= Serbski Sokoł =

Sorbian sports governing body

The association Serbski Sokoł ('Sorbian falcon') is the umbrella organization of Sorbian sports associations. It originated in the Slavic Sokol movement and still feels connected with these ideals. It was founded in 1993, resuming the activity of its eponymous predecessor from the era of the Weimar Republic. The main goal of Serbski Sokoł is to promote popular sports among Sorbs.

Today, the association organizes competitions in different team sports and takes part in international Sokol unions. It had its own magazine called Sokołske listy 1994 to 2006.

== History ==
The first Sorbian Sokoł unit (sorb. jednota) in Germany was founded 1920 in Bautzen. Its inspiration was the Czechoslovak Sokol movement. In 1924, the first association meeting took place in Panschwitz-Kuckau. The first president was Jan Skala. Until 1931, the movement spread across the Sorbian settlement area with new units being founded in various Sorbian villages and cities. The association fostered Sorbian nationalism and encouraged Sorbs to do sports. Serbski Sokoł started to participate in Allslavic Sokol unions in Czechoslovakia and Yugoslavia.
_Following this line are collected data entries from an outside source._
Lemma qform_CauchySchwarz P p r : P^T = P -> (forall q, 0 <= qform P q q) ->
  qform P p r ^+ 2 <= qform P p p * qform P r r.
Proof.
move=> symP psdP; apply: quadratic_ge0_discriminant => [|k]; first exact: psdP.
have := psdP (p + k *: r); have := qform_sym p r symP.
rewrite /qform mulmxDr -scalemxAr !(vdotDl, vdotDr, vdotZl, vdotZr) => ->.
by congr (0 <= _); ring.
Qed.

Lemma vdot_le_enorm p r : vdot p r <= enorm p * enorm r.
Proof.
have psd1 q : 0 <= qform 1%:M q q by rewrite /qform mul1mx vdot_ge0.
have := qform_CauchySchwarz p r (trmx1 _ _) psd1.
rewrite /qform !mul1mx -!enorm_sqr -exprMn -real_normK ?num_real //.
rewrite ler_sqr ?nnegrE ?mulr_ge0 ?enorm_ge0 //; exact: le_trans (ler_norm _).
Qed.

Lemma qform_sqrB P p q : P^T = P ->
  qform P p p - qform P q q = qform P (p - q) (p + q).
Proof.
move=> symP; have := qform_sym p q symP.
by rewrite /qform mulmxDr vdotDl !vdotDr !vdotNl => ->; ring.
Qed.

Lemma enorm_mulmx_sqr P p : enorm (P *m p) ^+ 2 = qform (P^T *m P) p p.
Proof. by rewrite enorm_sqr /qform /vdot trmx_mul !mulmxA. Qed.

Lemma spectral_norm_has_sup P p : enorm p = 1 ->
  has_sup [set enorm (P *m x) | x in [set x | enorm x = 1]]%classic.
Proof.
move=> p1; split; first by exists (enorm (P *m p)), p.
exists (Num.sqrt (mx_l1norm (P^T *m P))) => _ [x /= x1 <-].
rewrite -(ger0_norm (enorm_ge0 _)) -sqrtr_sqr ler_wsqrtr // enorm_mulmx_sqr.
by apply: ler_normlW; rewrite (le_trans (normr_qform_le _ _)) // x1 expr1n mulr1.
Qed.

Lemma enorm_mulmx_le P p : enorm (P *m p) <= spectral_norm P * enorm p.
Proof.
have [p0|p_neq0] := eqVneq (enorm p) 0.
  have : `|enorm (P *m p) ^+ 2| <= 0.
    by rewrite enorm_mulmx_sqr (le_trans (normr_qform_le _ _)) // p0 expr0n mulr0.
  by rewrite normr_le0 sqrf_eq0 p0 mulr0 => /eqP->.
have p_gt0 : 0 < enorm p by rewrite lt_def p_neq0 enorm_ge0.
pose e := (enorm p)^-1 *: p.
have e1 : enorm e = 1 by rewrite enormZ ger0_norm ?invr_ge0 ?enorm_ge0 ?mulVf.
have := sup_upper_bound (spectral_norm_has_sup P e1) (ex_intro2 _ _ e e1 erefl).
rewrite /e -scalemxAr enormZ ger0_norm ?invr_ge0 ?enorm_ge0 // => le_e.
by rewrite -ler_pdivrMr // mulrC.
Qed.

Lemma qform_le_spectral_norm P p : qform P p p <= spectral_norm P * enorm p ^+ 2.
Proof.
apply: le_trans (vdot_le_enorm p (P *m p)) _.
by rewrite expr2 mulrCA ler_wpM2l ?enorm_ge0 ?enorm_mulmx_le.
Qed.

(* Cauchy-Schwarz for q and P^-1 q: |q|^4 = (q'P(P^-1 q))^2 <= (q'Pq) (q'P^-T q). *)
Lemma psd_unitmx_coercive P : P^T = P -> (forall q, 0 <= qform P q q) ->
  P \in unitmx -> exists2 k, 0 < k & forall q, k * enorm q ^+ 2 <= qform P q q.
Proof.
move=> symP psdP Punit; set X := invmx P; set M := mx_l1norm X^T + 1.
have M_gt0 : 0 < M.
  by rewrite ltr_pwDr // sumr_ge0 // => i _; apply: sumr_ge0.
exists M^-1 => [|q]; first by rewrite invr_gt0.
set N := enorm q ^+ 2; have [N0|N_neq0] := eqVneq N 0; first by rewrite N0 mulr0.
have N_gt0 : 0 < N by rewrite lt_def N_neq0 sqr_ge0.
have PXq : qform P q (X *m q) = N by rewrite /qform (mulmxA P) mulmxV ?mul1mx -?enorm_sqr.
have XqPXq : qform P (X *m q) (X *m q) = qform X^T q q.
  by rewrite /qform (mulmxA P) mulmxV // mul1mx /vdot trmx_mul mulmxA.
have X_bound : qform X^T q q <= M * N.
  apply: le_trans (ler_normlW (normr_qform_le _ _)) _.
  by rewrite ler_wpM2r ?sqr_ge0 // lerDl.
have : N ^+ 2 <= qform P q q * (M * N).
  rewrite -{1}PXq; apply: le_trans (qform_CauchySchwarz _ _ symP psdP) _.
  by rewrite XqPXq; apply: ler_wpM2l.
rewrite expr2 mulrA ler_pM2r // => le_N.
by rewrite mulrC ler_pdivrMr.
Qed.
(* For $1\le i\le s$ let ${\mathcal B}_i$ be a finite $w_{\mathfrak P_i}$-reduced family of nonzero elements of $L$, and let $z_i\in L^*$ be such that for every $b\in{\mathcal B}_i$: (1) $\lfloor w_{\mathfrak P_i}(z_ib)\rfloor\le\lfloor w_{\mathfrak P_j}(z_ib)\rfloor$ for all $j$ with $i<j\le s$; (2) $\lfloor w_{\mathfrak P_i}(z_ib)\rfloor<\lfloor w_{\mathfrak P_l}(z_ib)\rfloor$ for all $l$ with $1\le l<i$. Then the family $\bigcup_{i=1}^s z_i{\mathcal B}_i$ is $w_S$-semi-reduced.
   Context: Let $A$ be a Dedekind domain with fraction field $K$, $\mathfrak p$ a nonzero prime ideal with valuation $v_\mathfrak p$. Let $f\in A[x]$ be monic irreducible separable, $\theta$ a root, $L=K(\theta)$, $\mathcal O$ the integral closure of $A$ in $L$, and $S=\{\mathfrak P_1,\dots,\mathfrak P_s\}$ the set of all primes of $\mathcal O$ over $\mathfrak p$ (in a fixed order), with ramification indices $e_i$ and normalized valuations $v_{\mathfrak P_i}$; $w_{\mathfrak P_i}=v_{\mathfrak P_i}/e_i$, $w_S(z)=\min_iw_{\mathfrak P_i}(z)$. A finite family ${\mathcal B}\subset L$ is $w$-reduced if $w(\sum_b\lambda_bb)=\min_bw(\lambda_bb)$ for all $\lambda_b\in K$, and $w$-semi-reduced if $\lfloor w(\sum_b\lambda_bb)\rfloor=\min_b\lfloor w(\lambda_bb)\rfloor$ for all $\lambda_b\in K$. *)

From HB Require Import structures.
From mathcomp Require Import all_boot all_order all_algebra all_field.
Set Implicit Arguments. Unset Strict Implicit. Unset Printing Implicit Defensive.
Import Order.TTheory GRing.Theory Num.Theory.
Local Open Scope ring_scope.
Parts of the Catholic clergy had mixed feelings about Serbski Sokoł since it facilitated close contact between Catholic and Protestant members and because the Czechoslovak Sokol was judged to be anti-church. Therefore, Serbski Sokoł was split into a Catholic and a protestand section in 1930.

Serbski Sokoł dissolved in 1933, while a decree to prohibit the association was already in preparation. The Eastern German government too did not approve of its revitalization in 1949.

After its reestablishment in 1993, Serbski Sokoł took part in the 1994 12th Allsokol-Union in Prague with about onehundert sportsmen. In 1996, it became a part of Domowina. Since then, Serbski Sokoł has its main office in the Serbski dom in Bautzen.